あとは寝るだけ、という段階でそのような事態に陥ってしまった場合に試してほしいことを、2つご提案します。ただし、これはあくまで私個人の対処法であり、なんら科学的な根拠があることではありません。

1.体の力を抜いて、リラックスする

(あぁ眠れない・・・ 困った、明日は山歩きなのに、どうしよう・・・)と不安で頭がいっぱいになり、眉間に力が入っていま せんか?
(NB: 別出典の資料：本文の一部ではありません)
(* In the FRNS model, suppose the performance vector at the beginning of the last week (week 3) is $W=[2,2,0,0]$. Then for every weight vector $V=[v_1,v_2,v_3,v_4]$ with $v_1\ge v_2\ge v_3\ge v_4>0$, $P^{(1)}_{(1,1,1,1)}(3,W,V)\ge P^{(1)}_{(0,1,1,1)}(3,W,V)$; that is, $a_1$ should try to win its last game.
   Context: FRNS model: four teams $a_1,\dots,a_4$ with weights $V=[v_1,v_2,v_3,v_4]$; $p_{ij}=v_i/(v_i+v_j)$. Regular season: week 1: $a_1$ vs $a_4$, $a_2$ vs $a_3$; week 2: $a_1$ vs $a_3$, $a_2$ vs $a_4$; week 3: $a_1$ vs $a_2$, $a_3$ vs $a_4$. Teams $a_2,a_3,a_4$ always try to win; $a_1$ either tries to win or loses intentionally. If both teams try, $a_i$ beats $a_j$ with probability $p_{ij}$ (games independent); if $a_1$ loses intentionally it loses that game with probability 1. $W=[W_1,\dots,W_4]$ gives numbers of wins before week $m$. After the season teams are seeded by total wins (descending), ties broken by assigning the tied seed positions uniformly at random; knockout tournament: seed 1 vs seed 4, seed 2 vs seed 3, winners meet in the final, each tournament game won by $a_i$ over $a_j$ with probability $p_{ij}$. $P^{(1)}_{\pi}(m,W,V)$ is the probability that $a_1$ wins the tournament when, in week $m$ starting from $W$, $a_1$ tries to win ($\pi=(1,1,1,1)$) or loses intentionally ($\pi=(0,1,1,1)$). *)

From HB Require Import structures.
From mathcomp Require Import all_boot all_order all_algebra all_fingroup.
Set Implicit Arguments. Unset Strict Implicit. Unset Printing Implicit Defensive.
Import Order.TTheory GRing.Theory Num.Theory.
Local Open Scope ring_scope.

Section FRNS.
Variable R : realFieldType.

Definition pwin (V : 'I_4 -> R) (i j : 'I_4) : R := V i / (V i + V j).

(* Tournament with seeding s (s k = team holding seed k+1):
   seed1 vs seed4, seed2 vs seed3, winners meet in the final.
   Probability that team i wins the tournament. *)
Definition champ_prob (V : 'I_4 -> R) (s : {perm 'I_4}) (i : 'I_4) : R :=
  let t1 := s (inord 0) in let t2 := s (inord 1) in
  let t3 := s (inord 2) in let t4 := s (inord 3) in
  \sum_(w1 <- [:: t1; t4]) \sum_(w2 <- [:: t2; t3])
     (pwin V w1 (if w1 == t1 then t4 else t1)
      * pwin V w2 (if w2 == t2 then t3 else t2)
      * ((if w1 == i then pwin V w1 w2 else 0)
         + (if w2 == i then pwin V w2 w1 else 0))).

Definition valid_seeding (Wf : 'I_4 -> nat) (s : {perm 'I_4}) : bool :=
  [forall k : 'I_4, forall l : 'I_4, (k < l)%N ==> (Wf (s l) <= Wf (s k))%N].

(* Ties broken by assigning tied seed positions uniformly at random:
   equivalently, the seeding is uniform among admissible seedings. *)
Definition tourn_prob (Wf : 'I_4 -> nat) (V : 'I_4 -> R) (i : 'I_4) : R :=
  (\sum_(s : {perm 'I_4} | valid_seeding Wf s) champ_prob V s i)
  / (#|[pred s : {perm 'I_4} | valid_seeding Wf s]|)%:R.

Definition a1 : 'I_4 := inord 0.
Definition a2 : 'I_4 := inord 1.
Definition a3 : 'I_4 := inord 2.
Definition a4 : 'I_4 := inord 3.

(* Week 3 schedule: a1 vs a2, a3 vs a4.
   b12 = true iff a1 beats a2; b34 = true iff a3 beats a4.
   try1 = true : pi = (1,1,1,1) (a1 tries to win);
   try1 = false: pi = (0,1,1,1) (a1 loses intentionally). *)
Definition week3_final (W : 'I_4 -> nat) (b12 b34 : bool) : 'I_4 -> nat :=
  fun i => (W i + (if i == a1 then b12 else if i == a2 then ~~ b12
               else if i == a3 then b34 else if i == a4 then ~~ b34 else false))%N.

Definition game12_prob (try1 : bool) (V : 'I_4 -> R) (b12 : bool) : R :=
  if try1 then (if b12 then pwin V a1 a2 else pwin V a2 a1)
  else (if b12 then 0 else 1).

Definition game34_prob (V : 'I_4 -> R) (b34 : bool) : R :=
  if b34 then pwin V a3 a4 else pwin V a4 a3.

Definition P1_week3 (try1 : bool) (W : 'I_4 -> nat) (V : 'I_4 -> R) : R :=
  \sum_(b12 : bool) \sum_(b34 : bool)
    game12_prob try1 V b12 * game34_prob V b34
    * tourn_prob (week3_final W b12 b34) V a1.

End FRNS.

Definition vec4 {T} (x0 x1 x2 x3 : T) (i : 'I_4) : T := nth x0 [:: x0; x1; x2; x3] i.

From mathcomp Require Import all_boot all_order all_algebra all_fingroup.
From mathcomp Require Import ring lra zify.
Import Order.TTheory GRing.Theory Num.Theory.
Local Open Scope ring_scope.

(* From W = [2,2,0,0] the last week always produces four distinct win totals,
   so the seeding is forced: the a1-a2 winner is seed 1, its loser seed 2, the
   a3-a4 winner seed 3 and its loser seed 4.  Trying therefore only matters
   when a1 actually beats a2, and then a1 meets the loser instead of the
   winner of a3-a4 in the semifinal.  Averaged over that game the gain in a1's
   title probability is
     2 (v1 v2 (v3 - v4))^2 / ((v1+v2)(v3+v4)(v1+v3)(v1+v4)(v2+v3)(v2+v4)),
   so only the positivity of the weights is needed, not their ordering. *)

Lemma sorted_codom_ord_gtn (n : nat) (f : 'I_n -> nat) :
  {homo f : k l / (k < l)%N >-> (l < k)%N} -> sorted gtn (codom f).
Proof.
move=> f_dec; apply: homo_sorted f_dec _ _.
by move: (iota_ltn_sorted 0 n); rewrite -val_enum_ord sorted_map.
Qed.

Lemma valid_seeding_pred1 (Wf : 'I_4 -> nat) (s0 : {perm 'I_4}) :
  {homo Wf \o s0 : k l / (k < l)%N >-> (l < k)%N} ->
  valid_seeding Wf =1 pred1 s0.
Proof.
move=> s0_dec s; apply/idP/eqP => [/forallP s_valid | ->]; last first.
  by apply/forallP => k; apply/forallP => l; apply/implyP => lt_kl; exact/ltnW/s0_dec.
have s0_inj : injective (Wf \o s0).
  move=> k l E; case: (ltngtP k l) => [lt_kl | lt_lk | /val_inj //].
  - by have := s0_dec _ _ lt_kl; rewrite [_ k]E ltnn.
  - by have := s0_dec _ _ lt_lk; rewrite [_ k]E ltnn.
have Wf_inj : injective Wf.
  move=> x y E; rewrite -(permKV s0 x) -(permKV s0 y); congr (s0 _).
  by apply: s0_inj; rewrite /= !permKV.
have s_dec : {homo Wf \o s : k l / (k < l)%N >-> (l < k)%N}.
  move=> k l lt_kl; rewrite ltn_neqAle (implyP (forallP (s_valid k) l) lt_kl) andbT.
  by apply/contraTneq: lt_kl => /Wf_inj /perm_inj ->; rewrite ltnn.
have codom_perm (t : {perm 'I_4}) : codom (Wf \o t) =i codom Wf.
  move=> n; apply/codomP/codomP => [[k ->] | [x ->]]; first by exists (t k).
  by exists ((t^-1)%g x); rewrite /= permKV.
have same_codom : codom (Wf \o s) = codom (Wf \o s0).
  apply: (irr_sorted_eq (leT := gtn)).
  - by move=> m n p lt_nm lt_pn; exact: ltn_trans lt_pn lt_nm.
  - exact: ltnn.
  - exact: sorted_codom_ord_gtn.
  - exact: sorted_codom_ord_gtn.
  - by move=> n; rewrite codom_perm codom_perm.
apply/permP => k; apply: Wf_inj.
by apply: (proj2 (eq_in_map _ _ _) same_codom); rewrite mem_enum.
Qed.

Lemma tourn_prob_strict_seeding (Wf : 'I_4 -> nat) (s0 : {perm 'I_4})
    (R : realFieldType) (V : 'I_4 -> R) (i : 'I_4) :
  {homo Wf \o s0 : k l / (k < l)%N >-> (l < k)%N} ->
  tourn_prob Wf V i = champ_prob V s0 i.
Proof.
move=> s0_dec; have valid_s0 := valid_seeding_pred1 _ _ s0_dec.
rewrite /tourn_prob (eq_bigl _ _ valid_s0) big_pred1_eq.
by rewrite (eq_card (B := pred1 s0)) ?card1 ?divr1.
Qed.

Lemma teamsE :
  [/\ a1 = @Ordinal 4 0 isT, a2 = @Ordinal 4 1 isT,
      a3 = @Ordinal 4 2 isT & a4 = @Ordinal 4 3 isT].
Proof. by split; apply/val_inj; rewrite /= inordK. Qed.

(* [week3_seeding b12 b34 k] holds seed k+1. *)
Definition week3_seeding (b12 b34 : bool) : {perm 'I_4} :=
  ((if b12 then 1 else tperm a1 a2) * (if b34 then 1 else tperm a3 a4))%g.

Lemma week3_final_seeding (b12 b34 : bool) (k : 'I_4) :
  week3_final (vec4 2 2 0 0) b12 b34 (week3_seeding b12 b34 k) = (3 - k)%N.
Proof.
rewrite /week3_final /week3_seeding; case: teamsE => -> -> -> ->.
by case: b12; case: b34; case: k => [[|[|[|[|m]]]] hk] //; rewrite ?permM ?perm1 ?permE.
Qed.

Lemma P1_week3_try_sub_tank (R : realFieldType) (W : 'I_4 -> nat) (V : 'I_4 -> R) :
  V a1 + V a2 != 0 ->
  P1_week3 true W V - P1_week3 false W V =
  pwin V a1 a2 * \sum_(b34 : bool) game34_prob V b34 *
    (tourn_prob (week3_final W true b34) V a1 - tourn_prob (week3_final W false b34) V a1).
Proof.
move=> nz12; have p21 : pwin V a2 a1 = 1 - pwin V a1 a2.
  by rewrite /pwin addrC; field.
rewrite /P1_week3 /game12_prob !big_bool /= p21; ring.
Qed.

Lemma champ_prob_week3_seeding_gap (R : realFieldType) (V : 'I_4 -> R) :
  (forall i, 0 < V i) ->
  \sum_(b34 : bool) game34_prob V b34 *
    (champ_prob V (week3_seeding true b34) a1 - champ_prob V (week3_seeding false b34) a1)
  = 2 * (V a1 * V a2 * (V a3 - V a4)) ^+ 2 /
    ((V a1 + V a2) * (V a3 + V a4) * (V a1 + V a3) * (V a1 + V a4) * (V a2 + V a3) * (V a2 + V a4)).
Proof.
move=> V_gt0; have nz i j : V i + V j != 0 by rewrite gt_eqF ?addr_gt0.
rewrite /champ_prob /game34_prob /week3_seeding -/a1 -/a2 -/a3 -/a4 big_bool /=.
case: teamsE => -> -> -> ->.
rewrite !big_cons !big_nil ?permM ?perm1 ?permE /= /pwin.
field; by rewrite !nz.
Qed.

Lemma tourn_prob_week3 (R : realFieldType) (V : 'I_4 -> R) (b12 b34 : bool) (i : 'I_4) :
  tourn_prob (week3_final (vec4 2 2 0 0) b12 b34) V i = champ_prob V (week3_seeding b12 b34) i.
Proof.
apply: tourn_prob_strict_seeding => k l lt_kl /=; rewrite !week3_final_seeding.
by have := ltn_ord l; lia.
Qed.

Theorem theorem3 (R : realFieldType) (v1 v2 v3 v4 : R) :
  v2 <= v1 -> v3 <= v2 -> v4 <= v3 -> 0 < v4 ->
  P1_week3 false (vec4 2%N 2%N 0%N 0%N) (vec4 v1 v2 v3 v4)
  <= P1_week3 true (vec4 2%N 2%N 0%N 0%N) (vec4 v1 v2 v3 v4).
Proof.
move=> le21 le32 le43 v4_gt0; set V := vec4 v1 v2 v3 v4.
have V_gt0 i : 0 < V i.
  by rewrite /V /vec4; case: i => [[|[|[|[|m]]]] hi] //=; lra.
have V_ge0 i : 0 <= V i by exact/ltW.
rewrite -subr_ge0 P1_week3_try_sub_tank ?gt_eqF ?addr_gt0 //.
under eq_bigr do rewrite !tourn_prob_week3.
rewrite champ_prob_week3_seeding_gap //; apply: mulr_ge0.
  by rewrite /pwin divr_ge0 ?addr_ge0.
apply: divr_ge0; first by rewrite mulr_ge0 ?sqr_ge0.
by rewrite !mulr_ge0 ?addr_ge0.
Qed.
目を閉じ、目の周りの力を意識して抜くと、緊張が解け、気持ちもゆったりとしてくるはずです。

あとは肩の力を抜くなどして、とにかく全身をリラックスさせ、ふとんに体が沈み込むような感覚でゆったりと体を横たえましょう。車中泊などで横になることができない場合でも、たとえ眠ることができなくても、体を休ませることができれば大丈夫だと信じましょう。
 

2.頭に思い浮かぶものは、そのままに任せる

寝る体勢になって目をつぶっても眠れないと、いろいろ考えてしまうかもしれませんが、そうして思い浮かんだものはそのままに、できるだけリラックスできる姿勢になりましょう。ぼんやりと頭に思い浮かぶことを放っておくと、いつの間にか眠っていたということはよくあります。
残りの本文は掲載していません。